Tamachan Momkoonthod ธมจันทร์ มอมขุนทด
- Country (sports): Thailand
- Born: 14 April 1997 (age 29) Ubon Ratchathani, Thailand
- Plays: Left (two-handed backhand)
- Prize money: $27,652

Singles
- Career record: 100–107
- Career titles: 0
- Highest ranking: No. 696 (18 April 2016)

Doubles
- Career record: 79–90
- Career titles: 4 ITF
- Highest ranking: No. 682 (23 July 2018)

Team competitions
- Fed Cup: 4–0

= Tamachan Momkoonthod =

Thai tennis player

Tamachan Momkoonthod (ธมจันทร์ มอมขุนทด; born 14 April 1997) is an inactive Thai tennis player.

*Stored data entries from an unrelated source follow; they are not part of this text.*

(* Let $R$ be a principal ideal domain with field of fractions $F$, and let $Q\subseteq P$ be additive subgroups of $F$ containing $R$. If $P$ is an $R$-module and $\{p^mq\mid p\in P,\ q\in Q\}\subseteq Q$ for some positive integer $m$, then $P=Q$. Consequently, for every admissible pair $(\Lambda_l,\Lambda_s)=(Q,P)$ (of any type $\Phi\in\{B_l,C_l,F_4,G_2\}$) in $F$ with $R\subseteq Q$, one has $P=Q$ and $P$ is a subring of $F$.
   Context: Let $p=2$ for $\Phi=B_l,C_l,F_4$ and $p=3$ for $\Phi=G_2$. An admissible pair of type $\Phi$ in a ring $R$ is a pair $\Lambda=(\Lambda_l,\Lambda_s)$ of additive subgroups of $R$ with: (AP1) $p\Lambda_s\subseteq\Lambda_l\subseteq\Lambda_s$; (AP2) $t^p\Lambda_l\subseteq\Lambda_l$ for all $t\in\Lambda_s$; (AP3) $\Lambda_s$ is a subring if $\Phi\ne B_l$; (AP4) $\Lambda_l$ is a subring if $\Phi\ne C_l$; and moreover $\Lambda_l\Lambda_s\subseteq\Lambda_s$ (for $B_2=C_2$ neither need be a subring). *)

From HB Require Import structures.
From mathcomp Require Import all_boot all_order all_algebra.
Set Implicit Arguments. Unset Strict Implicit. Unset Printing Implicit Defensive.
Import GRing.Theory.
Local Open Scope ring_scope.

Definition emb (R : idomainType) (x : R) : {fraction R} := @FracField.tofrac R x.

Definition is_ideal (R : comNzRingType) (I : R -> Prop) : Prop :=
  [/\ I 0, (forall x y, I x -> I y -> I (x - y)) & (forall r x, I x -> I (r * x))].

Definition is_PID (R : idomainType) : Prop :=
  forall I : R -> Prop, is_ideal I -> exists a : R, forall x, I x <-> exists r, x = r * a.

Definition is_addsubgroup (F : zmodType) (S : F -> Prop) : Prop :=
  S 0 /\ (forall x y, S x -> S y -> S (x - y)).

Definition is_subring (F : nzRingType) (S : F -> Prop) : Prop :=
  [/\ S 1, (forall x y, S x -> S y -> S (x - y)) & (forall x y, S x -> S y -> S (x * y))].

Inductive root_type := Btype of nat | Ctype of nat | F4 | G2.

Definition valid_type (Phi : root_type) : Prop :=
  match Phi with Btype l => (2 <= l)%N | Ctype l => (2 <= l)%N | _ => True end.

(* Phi is of type B_l (for some l); C_2 = B_2 counts. *)
Definition is_typeB (Phi : root_type) : Prop :=
  match Phi with Btype _ => True | Ctype l => l = 2%N | _ => False end.

(* Phi is of type C_l (for some l); B_2 = C_2 counts. *)
Definition is_typeC (Phi : root_type) : Prop :=
  match Phi with Ctype _ => True | Btype l => l = 2%N | _ => False end.

Definition type_p (Phi : root_type) : nat :=
  match Phi with G2 => 3%N | _ => 2%N end.

Definition admissible_pair (Phi : root_type) (F : nzRingType) (Ll Ls : F -> Prop) : Prop :=
  is_addsubgroup Ll /\ is_addsubgroup Ls /\
  ((forall x, Ls x -> Ll ((type_p Phi)%:R * x)) /\ (forall x, Ll x -> Ls x)) /\
  (forall t x, Ls t -> Ll x -> Ll (t ^+ type_p Phi * x)) /\
  (~ is_typeB Phi -> is_subring Ls) /\
  (~ is_typeC Phi -> is_subring Ll) /\
  (forall x y, Ll x -> Ls y -> Ls (x * y)).

(* Write x = a/b with a, b coprime, i.e. u a + v b = 1 (this is where R being
   a PID is used).  Then 1/b = u x + v lies in P because P is an R-module
   containing R, and x = (1/b)^m (a b^(m-1)) lies in Q since a b^(m-1) is in
   R.  For an admissible pair (Q, P), AP2 and the closure of P under
   multiplication by Q supply the hypotheses with m = p; once P = Q, that
   closure makes P a subring. *)
From HB Require Import structures.
From mathcomp Require Import all_boot all_order all_algebra.
Set Implicit Arguments. Unset Strict Implicit. Unset Printing Implicit Defensive.
Local Open Scope ring_scope.
Import GRing.Theory.
Local Open Scope quotient_scope.

Lemma addsubgroupD (V : zmodType) (S : V -> Prop) :
  is_addsubgroup S -> forall x y, S x -> S y -> S (x + y).
Proof.
move=> [S0 SB] x y Sx Sy.
by have := SB x (0 - y) Sx (SB _ _ S0 Sy); rewrite sub0r opprK.
Qed.

Lemma frac_repr (R : idomainType) (x : {fraction R}) :
  exists a b : R, b != 0 /\ x = emb a / emb b.
Proof.
elim/quotW: x => r.
exists (\n_r), (\d_r); split; first exact: denom_ratioP.
have hd : emb (\d_r) != 0 by rewrite tofrac_eq0 denom_ratioP.
apply: (mulIf hd); rewrite divfK // /emb /FracField.tofrac; unlock.
change (FracField.mul (\pi_({fraction R}) r) (\pi_({fraction R}) (Ratio \d_r 1))
        = \pi_({fraction R}) (Ratio \n_r 1)).
rewrite -FracField.pi_mul; apply/eqmodP.
rewrite /= FracField.equivfE /FracField.mulf /=.
rewrite !numden_Ratio ?oner_neq0 ?mulf_neq0 ?denom_ratioP ?oner_neq0 //.
by rewrite !mulr1 mulrC.
Qed.

Section PID.

Variables (R : idomainType) (hR : is_PID R).

Lemma PID_bezout (a b : R) :
  exists d u v a' b' : R, [/\ u * a + v * b = d, a = a' * d & b = b' * d].
Proof.
pose I y := exists u v, y = u * a + v * b.
have hI : is_ideal I.
  split.
  - by exists 0, 0; rewrite !mul0r addr0.
  - move=> y z [u [v ->]] [u' [v' ->]]; exists (u - u'), (v - v').
    by rewrite !mulrBl addrACA opprD.
  - move=> r y [u [v ->]]; exists (r * u), (r * v).
    by rewrite mulrDr !mulrA.
have [d hd] := hR hI.
have [u [v duv]] : I d by apply/hd; exists 1; rewrite mul1r.
have [a' ea] : exists r, a = r * d by apply/hd; exists 1, 0; rewrite mul1r mul0r addr0.
have [b' eb] : exists r, b = r * d by apply/hd; exists 0, 1; rewrite mul1r mul0r add0r.
by exists d, u, v, a', b'.
Qed.

Lemma coprime_frac_repr (x : {fraction R}) :
  exists a b u v : R, [/\ b != 0, u * a + v * b = 1 & x = emb a / emb b].
Proof.
have [a [b [b0 ->]]] := frac_repr x.
have [d [u [v [a' [b' [duv ea eb]]]]]] := PID_bezout a b.
have d0 : d != 0 by apply: contraNneq b0 => d0; rewrite eb d0 mulr0.
have b'0 : b' != 0 by apply: contraNneq b0 => b'0; rewrite eb b'0 mul0r.
exists a', b', u, v; split => //.
  by apply: (mulIf d0); rewrite mulrDl -!mulrA -ea -eb duv mul1r.
rewrite ea eb /emb !tofracM invfM mulrACA mulfV ?mulr1 //.
by rewrite tofrac_eq0.
Qed.

Section PowStable.

Variables (Q P : {fraction R} -> Prop).
Hypothesis hP : is_addsubgroup P.
Hypotheses (QP : forall x, Q x -> P x) (QR : forall r : R, Q (emb r)).
Hypothesis PM : forall (r : R) x, P x -> P (emb r * x).

Lemma inv_denom_mem (a b u v : R) :
  b != 0 -> u * a + v * b = 1 -> P (emb a / emb b) -> P (emb b)^-1.
Proof.
move=> b0 euv Px.
have B0 : emb b != 0 by rewrite tofrac_eq0.
have -> : (emb b)^-1 = emb u * (emb a / emb b) + emb v.
  apply: (mulIf B0); rewrite mulVf // mulrDl -mulrA divfK //.
  by rewrite /emb -!tofracM -tofracD euv tofrac1.
by apply: addsubgroupD => //; [apply: PM | apply/QP/QR].
Qed.

Lemma pow_stable_subgroup_eq (m : nat) : (0 < m)%N ->
  (forall p q, P p -> Q q -> Q (p ^+ m * q)) -> forall x, P x <-> Q x.
Proof.
case: m => [//|n] _ hm x; split; last exact: QP.
have [a [b [u [v [b0 euv ->]]]]] := coprime_frac_repr x.
move=> /(inv_denom_mem b0 euv) Pb.
have B0 : emb b != 0 by rewrite tofrac_eq0.
suff <- : (emb b)^-1 ^+ n.+1 * emb (a * b ^+ n) = emb a / emb b by exact: hm.
rewrite /emb tofracM tofracXn -/(emb a) -/(emb b) exprVn exprS invfM.
by rewrite [emb a * _]mulrC mulrA mulfVK ?expf_neq0 // mulrC.
Qed.

End PowStable.

Lemma admissible_pair_eq_subring (Phi : root_type) (Q P : {fraction R} -> Prop) :
  admissible_pair Phi Q P -> (forall r : R, Q (emb r)) ->
  (forall x, P x <-> Q x) /\ is_subring P.
Proof.
move=> [_ [hP [[_ QP] [AP2 [_ [_ QPM]]]]]] QR.
have PQ : forall x, P x <-> Q x.
  apply: (@pow_stable_subgroup_eq Q P hP QP QR _ (type_p Phi)) AP2.
  - by move=> r x Px; apply: QPM.
  - by case: (Phi).
split=> //; split.
- by apply: QP; rewrite -tofrac1; apply: QR.
- by case: hP.
- by move=> y z /PQ Qy Pz; apply: QPM.
Qed.

End PID.

Theorem proposition7p3 (R : idomainType) (hR : is_PID R) :
  (forall (Q P : {fraction R} -> Prop),
      is_addsubgroup Q -> is_addsubgroup P ->
      (forall x, Q x -> P x) ->
      (forall r : R, Q (emb r)) ->
      (forall (r : R) x, P x -> P (emb r * x)) ->
      (exists m : nat, (0 < m)%N /\ (forall p q, P p -> Q q -> Q (p ^+ m * q))) ->
      forall x, P x <-> Q x)
  /\
  (forall (Phi : root_type) (Q P : {fraction R} -> Prop),
      valid_type Phi ->
      admissible_pair Phi Q P ->
      (forall r : R, Q (emb r)) ->
      (forall x, P x <-> Q x) /\ is_subring P).
Proof.
split.
- move=> Q P _ hP QP QR PM [m [m0 hm]].
  exact: (pow_stable_subgroup_eq hR hP QP QR PM m0 hm).
- move=> Phi Q P _; exact: admissible_pair_eq_subring.
Qed.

Momkoonthod has a career-high singles ranking by the Women's Tennis Association (WTA) of 696, achieved on 18 April 2016. She also has a career-high WTA doubles ranking of 682, reached on 23 July 2018. Momkoonthod has won four doubles titles at tournaments of the ITF Women's Circuit.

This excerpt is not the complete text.